◆ DESCRIPTION OF THE TASK ◆
Give again only those lines from the start of the entries through the line holding "(forall r x, 0", leaving them as they are.

◆ AVAILABLE DATA ◆
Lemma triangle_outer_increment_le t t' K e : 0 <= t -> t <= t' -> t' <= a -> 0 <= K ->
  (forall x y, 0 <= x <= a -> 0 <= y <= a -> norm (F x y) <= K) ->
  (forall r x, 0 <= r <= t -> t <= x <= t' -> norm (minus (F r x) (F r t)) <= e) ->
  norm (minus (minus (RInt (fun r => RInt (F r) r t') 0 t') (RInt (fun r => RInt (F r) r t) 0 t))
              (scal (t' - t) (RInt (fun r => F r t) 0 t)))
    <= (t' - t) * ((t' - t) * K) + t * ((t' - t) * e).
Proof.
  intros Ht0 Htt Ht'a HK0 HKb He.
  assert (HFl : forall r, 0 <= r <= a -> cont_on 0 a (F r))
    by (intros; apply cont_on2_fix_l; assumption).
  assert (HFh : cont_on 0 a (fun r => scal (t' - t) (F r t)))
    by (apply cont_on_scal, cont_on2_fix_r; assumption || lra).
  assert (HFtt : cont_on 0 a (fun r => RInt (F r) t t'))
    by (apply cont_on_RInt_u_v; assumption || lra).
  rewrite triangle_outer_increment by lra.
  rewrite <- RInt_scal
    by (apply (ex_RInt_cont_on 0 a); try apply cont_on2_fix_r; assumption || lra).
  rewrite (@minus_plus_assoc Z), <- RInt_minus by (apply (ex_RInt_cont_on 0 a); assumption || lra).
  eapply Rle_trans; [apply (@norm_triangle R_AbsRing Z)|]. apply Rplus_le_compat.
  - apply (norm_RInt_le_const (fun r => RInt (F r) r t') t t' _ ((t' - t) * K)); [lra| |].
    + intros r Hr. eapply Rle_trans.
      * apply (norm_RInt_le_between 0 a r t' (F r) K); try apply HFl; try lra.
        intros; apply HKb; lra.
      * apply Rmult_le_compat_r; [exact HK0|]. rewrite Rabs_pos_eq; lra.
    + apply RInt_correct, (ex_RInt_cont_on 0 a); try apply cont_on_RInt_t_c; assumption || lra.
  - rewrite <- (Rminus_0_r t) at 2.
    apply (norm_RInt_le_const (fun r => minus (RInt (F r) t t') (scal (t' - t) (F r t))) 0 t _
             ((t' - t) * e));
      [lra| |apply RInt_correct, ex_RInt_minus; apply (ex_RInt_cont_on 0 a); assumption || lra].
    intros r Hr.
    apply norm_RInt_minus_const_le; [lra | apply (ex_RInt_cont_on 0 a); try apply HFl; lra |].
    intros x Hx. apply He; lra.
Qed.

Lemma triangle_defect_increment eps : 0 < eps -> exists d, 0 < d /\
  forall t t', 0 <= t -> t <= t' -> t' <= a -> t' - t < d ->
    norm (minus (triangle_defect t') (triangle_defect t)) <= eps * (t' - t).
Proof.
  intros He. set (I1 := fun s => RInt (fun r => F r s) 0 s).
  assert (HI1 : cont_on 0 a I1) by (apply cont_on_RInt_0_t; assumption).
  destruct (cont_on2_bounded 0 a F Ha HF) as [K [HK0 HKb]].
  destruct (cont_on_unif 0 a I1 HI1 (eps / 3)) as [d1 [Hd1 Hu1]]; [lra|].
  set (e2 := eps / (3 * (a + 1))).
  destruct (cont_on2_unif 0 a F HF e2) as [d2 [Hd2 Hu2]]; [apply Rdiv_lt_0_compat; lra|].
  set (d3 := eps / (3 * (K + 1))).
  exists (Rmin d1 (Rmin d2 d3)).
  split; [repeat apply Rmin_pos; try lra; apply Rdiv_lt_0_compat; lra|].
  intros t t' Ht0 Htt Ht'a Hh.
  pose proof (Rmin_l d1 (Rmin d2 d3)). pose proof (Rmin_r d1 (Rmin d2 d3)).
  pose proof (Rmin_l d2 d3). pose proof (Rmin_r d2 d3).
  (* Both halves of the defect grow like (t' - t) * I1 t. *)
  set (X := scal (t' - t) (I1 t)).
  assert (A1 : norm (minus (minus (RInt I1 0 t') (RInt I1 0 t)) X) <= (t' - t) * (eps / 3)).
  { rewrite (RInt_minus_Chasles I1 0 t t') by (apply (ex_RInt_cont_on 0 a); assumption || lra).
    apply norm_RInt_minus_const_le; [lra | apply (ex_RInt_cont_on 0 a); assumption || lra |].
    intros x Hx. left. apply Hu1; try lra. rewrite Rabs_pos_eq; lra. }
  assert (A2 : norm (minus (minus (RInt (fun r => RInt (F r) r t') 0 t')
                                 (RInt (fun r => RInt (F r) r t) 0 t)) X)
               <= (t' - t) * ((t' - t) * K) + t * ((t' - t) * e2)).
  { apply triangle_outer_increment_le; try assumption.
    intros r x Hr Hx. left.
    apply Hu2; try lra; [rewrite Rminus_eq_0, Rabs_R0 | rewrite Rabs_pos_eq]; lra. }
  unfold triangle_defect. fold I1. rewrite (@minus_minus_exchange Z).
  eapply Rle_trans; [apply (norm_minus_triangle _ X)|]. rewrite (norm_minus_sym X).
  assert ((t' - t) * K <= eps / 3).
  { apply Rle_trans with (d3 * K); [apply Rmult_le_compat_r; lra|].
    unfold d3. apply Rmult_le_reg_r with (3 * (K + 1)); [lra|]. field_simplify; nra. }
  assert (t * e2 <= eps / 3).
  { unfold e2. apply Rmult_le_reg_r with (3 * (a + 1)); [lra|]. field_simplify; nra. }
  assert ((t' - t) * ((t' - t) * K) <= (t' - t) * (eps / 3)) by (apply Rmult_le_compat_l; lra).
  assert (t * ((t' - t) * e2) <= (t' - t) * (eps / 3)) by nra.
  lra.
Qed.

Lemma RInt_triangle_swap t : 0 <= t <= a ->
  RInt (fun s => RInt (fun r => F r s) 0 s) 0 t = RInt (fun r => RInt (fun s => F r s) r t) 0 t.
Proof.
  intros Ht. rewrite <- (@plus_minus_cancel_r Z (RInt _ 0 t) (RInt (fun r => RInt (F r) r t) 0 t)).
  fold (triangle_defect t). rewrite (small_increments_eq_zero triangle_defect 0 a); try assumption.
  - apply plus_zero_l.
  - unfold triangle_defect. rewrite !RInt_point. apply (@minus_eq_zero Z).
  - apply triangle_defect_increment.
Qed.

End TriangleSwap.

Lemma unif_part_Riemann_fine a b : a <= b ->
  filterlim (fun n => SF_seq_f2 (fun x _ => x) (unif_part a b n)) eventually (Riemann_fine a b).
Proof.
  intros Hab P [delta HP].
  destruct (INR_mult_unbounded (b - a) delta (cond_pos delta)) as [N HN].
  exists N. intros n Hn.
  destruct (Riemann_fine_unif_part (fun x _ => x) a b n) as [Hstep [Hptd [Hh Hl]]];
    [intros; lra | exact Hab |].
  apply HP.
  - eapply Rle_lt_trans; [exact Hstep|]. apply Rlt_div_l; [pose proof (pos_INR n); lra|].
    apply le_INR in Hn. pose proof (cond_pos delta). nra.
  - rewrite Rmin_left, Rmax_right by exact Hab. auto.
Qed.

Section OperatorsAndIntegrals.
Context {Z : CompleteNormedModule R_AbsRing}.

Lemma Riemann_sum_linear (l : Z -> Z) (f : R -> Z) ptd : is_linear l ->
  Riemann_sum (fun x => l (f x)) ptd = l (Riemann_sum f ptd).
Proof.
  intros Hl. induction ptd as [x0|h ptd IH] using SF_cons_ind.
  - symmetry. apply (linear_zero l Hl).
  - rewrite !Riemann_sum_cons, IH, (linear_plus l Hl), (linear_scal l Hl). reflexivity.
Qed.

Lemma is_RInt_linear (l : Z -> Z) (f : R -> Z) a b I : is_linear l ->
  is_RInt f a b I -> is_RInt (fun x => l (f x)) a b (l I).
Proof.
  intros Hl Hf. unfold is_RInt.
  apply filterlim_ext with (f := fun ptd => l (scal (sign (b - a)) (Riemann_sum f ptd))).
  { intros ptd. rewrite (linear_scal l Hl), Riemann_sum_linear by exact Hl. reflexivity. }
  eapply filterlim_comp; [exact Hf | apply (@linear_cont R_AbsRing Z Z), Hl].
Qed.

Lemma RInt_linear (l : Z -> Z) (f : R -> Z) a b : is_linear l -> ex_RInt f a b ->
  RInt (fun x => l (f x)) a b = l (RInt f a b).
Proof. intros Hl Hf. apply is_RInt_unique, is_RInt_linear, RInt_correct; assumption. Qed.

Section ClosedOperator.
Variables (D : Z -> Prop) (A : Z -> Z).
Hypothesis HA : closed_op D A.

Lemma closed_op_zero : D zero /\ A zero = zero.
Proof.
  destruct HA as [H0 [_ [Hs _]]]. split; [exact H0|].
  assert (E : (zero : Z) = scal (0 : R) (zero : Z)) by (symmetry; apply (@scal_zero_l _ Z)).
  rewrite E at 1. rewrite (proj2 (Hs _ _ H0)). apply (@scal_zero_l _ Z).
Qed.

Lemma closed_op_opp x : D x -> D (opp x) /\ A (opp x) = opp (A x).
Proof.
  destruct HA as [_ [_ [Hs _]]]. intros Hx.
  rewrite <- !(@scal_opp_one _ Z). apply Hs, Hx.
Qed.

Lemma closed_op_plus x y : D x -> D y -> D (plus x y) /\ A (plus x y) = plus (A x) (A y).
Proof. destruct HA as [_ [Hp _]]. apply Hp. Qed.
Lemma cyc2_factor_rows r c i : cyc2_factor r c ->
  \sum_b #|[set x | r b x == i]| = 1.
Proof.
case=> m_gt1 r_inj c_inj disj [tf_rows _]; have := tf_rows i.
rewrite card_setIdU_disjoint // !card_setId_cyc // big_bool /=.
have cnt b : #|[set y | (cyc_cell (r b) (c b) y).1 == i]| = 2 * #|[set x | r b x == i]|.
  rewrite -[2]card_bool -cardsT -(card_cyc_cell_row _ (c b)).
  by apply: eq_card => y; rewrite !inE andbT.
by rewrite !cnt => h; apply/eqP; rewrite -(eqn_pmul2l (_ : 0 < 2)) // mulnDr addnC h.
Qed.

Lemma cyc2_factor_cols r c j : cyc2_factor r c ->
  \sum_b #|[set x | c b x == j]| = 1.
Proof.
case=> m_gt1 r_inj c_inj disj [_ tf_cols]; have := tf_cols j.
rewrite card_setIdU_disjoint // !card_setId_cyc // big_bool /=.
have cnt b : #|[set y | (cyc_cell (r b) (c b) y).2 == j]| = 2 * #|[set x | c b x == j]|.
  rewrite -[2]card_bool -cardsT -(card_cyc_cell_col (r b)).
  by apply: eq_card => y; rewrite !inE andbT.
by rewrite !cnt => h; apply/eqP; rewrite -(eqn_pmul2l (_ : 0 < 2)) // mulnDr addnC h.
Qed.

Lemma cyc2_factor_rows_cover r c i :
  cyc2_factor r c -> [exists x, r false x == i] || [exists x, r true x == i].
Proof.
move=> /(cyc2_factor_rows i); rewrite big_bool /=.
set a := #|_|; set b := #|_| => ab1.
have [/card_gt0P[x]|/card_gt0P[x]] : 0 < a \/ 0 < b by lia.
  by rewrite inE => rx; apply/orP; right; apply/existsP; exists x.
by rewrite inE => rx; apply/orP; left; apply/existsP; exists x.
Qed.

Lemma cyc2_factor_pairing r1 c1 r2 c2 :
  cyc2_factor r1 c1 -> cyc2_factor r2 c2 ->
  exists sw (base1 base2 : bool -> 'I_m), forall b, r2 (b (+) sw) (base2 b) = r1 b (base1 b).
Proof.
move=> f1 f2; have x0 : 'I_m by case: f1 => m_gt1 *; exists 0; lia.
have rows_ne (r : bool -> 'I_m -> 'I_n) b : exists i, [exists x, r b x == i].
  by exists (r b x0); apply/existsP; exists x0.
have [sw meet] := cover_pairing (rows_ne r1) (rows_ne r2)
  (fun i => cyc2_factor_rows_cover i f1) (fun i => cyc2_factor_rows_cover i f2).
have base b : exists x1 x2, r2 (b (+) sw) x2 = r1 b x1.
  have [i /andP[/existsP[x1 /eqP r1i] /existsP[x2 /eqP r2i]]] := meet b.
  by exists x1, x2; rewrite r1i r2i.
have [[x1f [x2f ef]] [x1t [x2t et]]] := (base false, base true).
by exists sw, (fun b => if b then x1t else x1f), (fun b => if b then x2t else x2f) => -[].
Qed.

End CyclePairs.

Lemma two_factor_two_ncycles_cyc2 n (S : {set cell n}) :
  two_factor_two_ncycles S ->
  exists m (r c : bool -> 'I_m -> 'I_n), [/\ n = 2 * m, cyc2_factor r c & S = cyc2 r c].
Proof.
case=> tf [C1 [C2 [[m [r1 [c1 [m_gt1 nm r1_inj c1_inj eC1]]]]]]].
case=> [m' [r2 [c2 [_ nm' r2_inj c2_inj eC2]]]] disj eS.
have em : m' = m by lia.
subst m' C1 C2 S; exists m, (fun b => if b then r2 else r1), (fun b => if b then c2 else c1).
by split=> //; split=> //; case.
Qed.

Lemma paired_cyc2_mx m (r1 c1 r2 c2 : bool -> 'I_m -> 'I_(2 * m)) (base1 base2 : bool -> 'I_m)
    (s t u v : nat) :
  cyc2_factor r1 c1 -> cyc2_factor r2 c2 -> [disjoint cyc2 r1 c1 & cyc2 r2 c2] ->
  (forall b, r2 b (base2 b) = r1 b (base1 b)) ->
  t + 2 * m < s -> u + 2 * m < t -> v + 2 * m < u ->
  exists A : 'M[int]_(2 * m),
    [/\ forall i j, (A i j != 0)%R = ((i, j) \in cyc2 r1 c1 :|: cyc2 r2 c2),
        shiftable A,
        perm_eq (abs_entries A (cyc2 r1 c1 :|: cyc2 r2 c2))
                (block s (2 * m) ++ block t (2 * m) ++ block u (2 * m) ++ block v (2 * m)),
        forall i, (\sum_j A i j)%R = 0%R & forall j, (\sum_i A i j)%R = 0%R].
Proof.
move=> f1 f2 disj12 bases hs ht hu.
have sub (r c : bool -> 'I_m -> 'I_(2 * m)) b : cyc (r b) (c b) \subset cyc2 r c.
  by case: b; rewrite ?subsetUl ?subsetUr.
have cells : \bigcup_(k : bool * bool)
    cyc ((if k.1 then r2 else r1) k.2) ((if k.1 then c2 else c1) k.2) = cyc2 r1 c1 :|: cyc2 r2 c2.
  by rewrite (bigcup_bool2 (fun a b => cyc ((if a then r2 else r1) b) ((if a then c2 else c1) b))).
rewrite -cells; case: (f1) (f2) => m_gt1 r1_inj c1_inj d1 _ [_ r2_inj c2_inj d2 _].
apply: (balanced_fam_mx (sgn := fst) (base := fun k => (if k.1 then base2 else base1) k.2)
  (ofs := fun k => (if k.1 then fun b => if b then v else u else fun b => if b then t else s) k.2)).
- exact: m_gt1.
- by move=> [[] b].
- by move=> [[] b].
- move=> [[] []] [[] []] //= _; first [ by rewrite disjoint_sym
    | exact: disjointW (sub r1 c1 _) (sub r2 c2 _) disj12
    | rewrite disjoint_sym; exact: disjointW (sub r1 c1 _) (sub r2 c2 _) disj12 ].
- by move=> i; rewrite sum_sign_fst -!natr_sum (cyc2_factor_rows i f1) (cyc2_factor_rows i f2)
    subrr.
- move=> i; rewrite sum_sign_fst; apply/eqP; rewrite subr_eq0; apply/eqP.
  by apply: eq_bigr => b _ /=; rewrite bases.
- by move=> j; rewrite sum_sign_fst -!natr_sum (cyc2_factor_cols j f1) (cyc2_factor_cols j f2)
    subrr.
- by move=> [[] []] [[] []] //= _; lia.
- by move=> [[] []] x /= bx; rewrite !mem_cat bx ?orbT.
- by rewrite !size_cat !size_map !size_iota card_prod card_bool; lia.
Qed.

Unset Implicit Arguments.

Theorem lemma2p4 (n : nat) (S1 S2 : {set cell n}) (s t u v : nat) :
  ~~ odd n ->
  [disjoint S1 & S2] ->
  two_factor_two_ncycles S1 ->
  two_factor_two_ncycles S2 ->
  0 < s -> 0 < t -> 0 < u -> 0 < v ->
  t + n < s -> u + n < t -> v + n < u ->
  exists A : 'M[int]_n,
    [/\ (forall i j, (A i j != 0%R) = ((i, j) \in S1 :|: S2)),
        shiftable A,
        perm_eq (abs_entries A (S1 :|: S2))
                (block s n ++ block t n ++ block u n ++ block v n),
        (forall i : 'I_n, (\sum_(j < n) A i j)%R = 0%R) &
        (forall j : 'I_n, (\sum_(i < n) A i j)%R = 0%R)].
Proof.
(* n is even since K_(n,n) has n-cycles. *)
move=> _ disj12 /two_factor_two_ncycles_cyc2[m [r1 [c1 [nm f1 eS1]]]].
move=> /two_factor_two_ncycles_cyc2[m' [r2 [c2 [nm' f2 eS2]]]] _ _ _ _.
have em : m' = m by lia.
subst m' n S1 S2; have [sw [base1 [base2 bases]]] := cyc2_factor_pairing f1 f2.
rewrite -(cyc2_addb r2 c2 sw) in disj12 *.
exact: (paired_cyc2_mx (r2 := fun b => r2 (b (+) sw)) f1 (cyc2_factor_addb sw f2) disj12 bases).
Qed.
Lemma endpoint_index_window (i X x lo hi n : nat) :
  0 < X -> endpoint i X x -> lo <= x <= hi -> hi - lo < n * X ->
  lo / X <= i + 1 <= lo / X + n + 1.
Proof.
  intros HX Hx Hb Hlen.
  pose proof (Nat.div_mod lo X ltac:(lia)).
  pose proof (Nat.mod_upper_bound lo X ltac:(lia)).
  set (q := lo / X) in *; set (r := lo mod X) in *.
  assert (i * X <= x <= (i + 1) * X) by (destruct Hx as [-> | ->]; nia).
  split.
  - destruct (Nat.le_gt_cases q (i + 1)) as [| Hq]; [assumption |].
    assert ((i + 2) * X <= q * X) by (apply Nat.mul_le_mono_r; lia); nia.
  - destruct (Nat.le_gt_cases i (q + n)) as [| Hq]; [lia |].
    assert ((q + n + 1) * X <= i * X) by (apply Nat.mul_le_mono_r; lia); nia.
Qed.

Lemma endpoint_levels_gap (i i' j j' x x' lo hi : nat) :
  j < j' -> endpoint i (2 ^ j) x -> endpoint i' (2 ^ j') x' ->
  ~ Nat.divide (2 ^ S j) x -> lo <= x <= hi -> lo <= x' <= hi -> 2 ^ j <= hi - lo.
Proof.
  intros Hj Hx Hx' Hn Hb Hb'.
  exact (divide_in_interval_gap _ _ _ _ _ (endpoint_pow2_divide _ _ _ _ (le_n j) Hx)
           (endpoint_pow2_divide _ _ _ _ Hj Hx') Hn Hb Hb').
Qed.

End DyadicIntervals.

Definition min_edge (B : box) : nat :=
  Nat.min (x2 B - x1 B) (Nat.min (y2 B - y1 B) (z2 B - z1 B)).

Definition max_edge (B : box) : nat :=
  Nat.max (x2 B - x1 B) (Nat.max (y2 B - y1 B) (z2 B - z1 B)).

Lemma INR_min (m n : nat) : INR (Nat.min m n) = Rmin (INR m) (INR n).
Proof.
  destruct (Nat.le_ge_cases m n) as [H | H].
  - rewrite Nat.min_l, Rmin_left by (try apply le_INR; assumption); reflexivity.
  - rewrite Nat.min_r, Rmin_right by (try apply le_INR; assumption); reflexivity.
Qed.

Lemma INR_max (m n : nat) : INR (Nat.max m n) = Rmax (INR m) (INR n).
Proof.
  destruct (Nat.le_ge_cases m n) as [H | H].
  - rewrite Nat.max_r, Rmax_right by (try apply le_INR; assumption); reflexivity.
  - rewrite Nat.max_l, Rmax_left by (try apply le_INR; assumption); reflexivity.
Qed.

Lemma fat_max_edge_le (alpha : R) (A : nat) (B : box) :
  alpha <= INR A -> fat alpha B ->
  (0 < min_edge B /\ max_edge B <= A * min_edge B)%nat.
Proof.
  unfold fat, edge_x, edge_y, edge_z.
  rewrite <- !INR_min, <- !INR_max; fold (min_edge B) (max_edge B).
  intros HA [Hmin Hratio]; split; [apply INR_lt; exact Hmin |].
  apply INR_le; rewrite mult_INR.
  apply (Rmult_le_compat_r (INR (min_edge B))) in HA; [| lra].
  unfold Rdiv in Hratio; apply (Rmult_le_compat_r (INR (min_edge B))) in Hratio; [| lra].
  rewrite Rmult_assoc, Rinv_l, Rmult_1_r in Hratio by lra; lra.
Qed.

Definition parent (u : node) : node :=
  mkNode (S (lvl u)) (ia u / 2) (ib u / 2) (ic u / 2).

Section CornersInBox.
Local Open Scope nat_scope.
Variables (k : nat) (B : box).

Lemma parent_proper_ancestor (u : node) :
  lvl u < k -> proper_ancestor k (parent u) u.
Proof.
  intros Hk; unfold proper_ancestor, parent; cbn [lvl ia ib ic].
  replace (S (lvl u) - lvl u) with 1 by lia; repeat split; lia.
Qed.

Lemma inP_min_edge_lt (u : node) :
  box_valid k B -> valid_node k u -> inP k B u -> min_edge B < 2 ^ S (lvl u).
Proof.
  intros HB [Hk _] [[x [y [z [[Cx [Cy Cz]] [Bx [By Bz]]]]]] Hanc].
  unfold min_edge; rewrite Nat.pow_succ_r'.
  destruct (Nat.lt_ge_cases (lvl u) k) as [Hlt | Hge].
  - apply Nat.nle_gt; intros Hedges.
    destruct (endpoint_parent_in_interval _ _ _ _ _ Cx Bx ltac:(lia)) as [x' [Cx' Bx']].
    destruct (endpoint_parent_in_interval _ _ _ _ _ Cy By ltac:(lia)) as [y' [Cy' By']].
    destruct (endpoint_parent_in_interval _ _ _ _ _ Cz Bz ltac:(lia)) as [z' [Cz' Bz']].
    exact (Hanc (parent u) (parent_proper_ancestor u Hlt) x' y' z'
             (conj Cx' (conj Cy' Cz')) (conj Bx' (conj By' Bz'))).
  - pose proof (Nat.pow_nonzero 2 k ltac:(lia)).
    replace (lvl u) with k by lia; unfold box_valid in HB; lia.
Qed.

◆ EXPECTED ANSWER ◆
Lemma triangle_outer_increment_le t t' K e : 0 <= t -> t <= t' -> t' <= a -> 0 <= K ->
  (forall x y, 0 <= x <= a -> 0 <= y <= a -> norm (F x y) <= K) ->
  (forall r x, 0 <= r <= t -> t <= x <= t' -> norm (minus (F r x) (F r t)) <= e) ->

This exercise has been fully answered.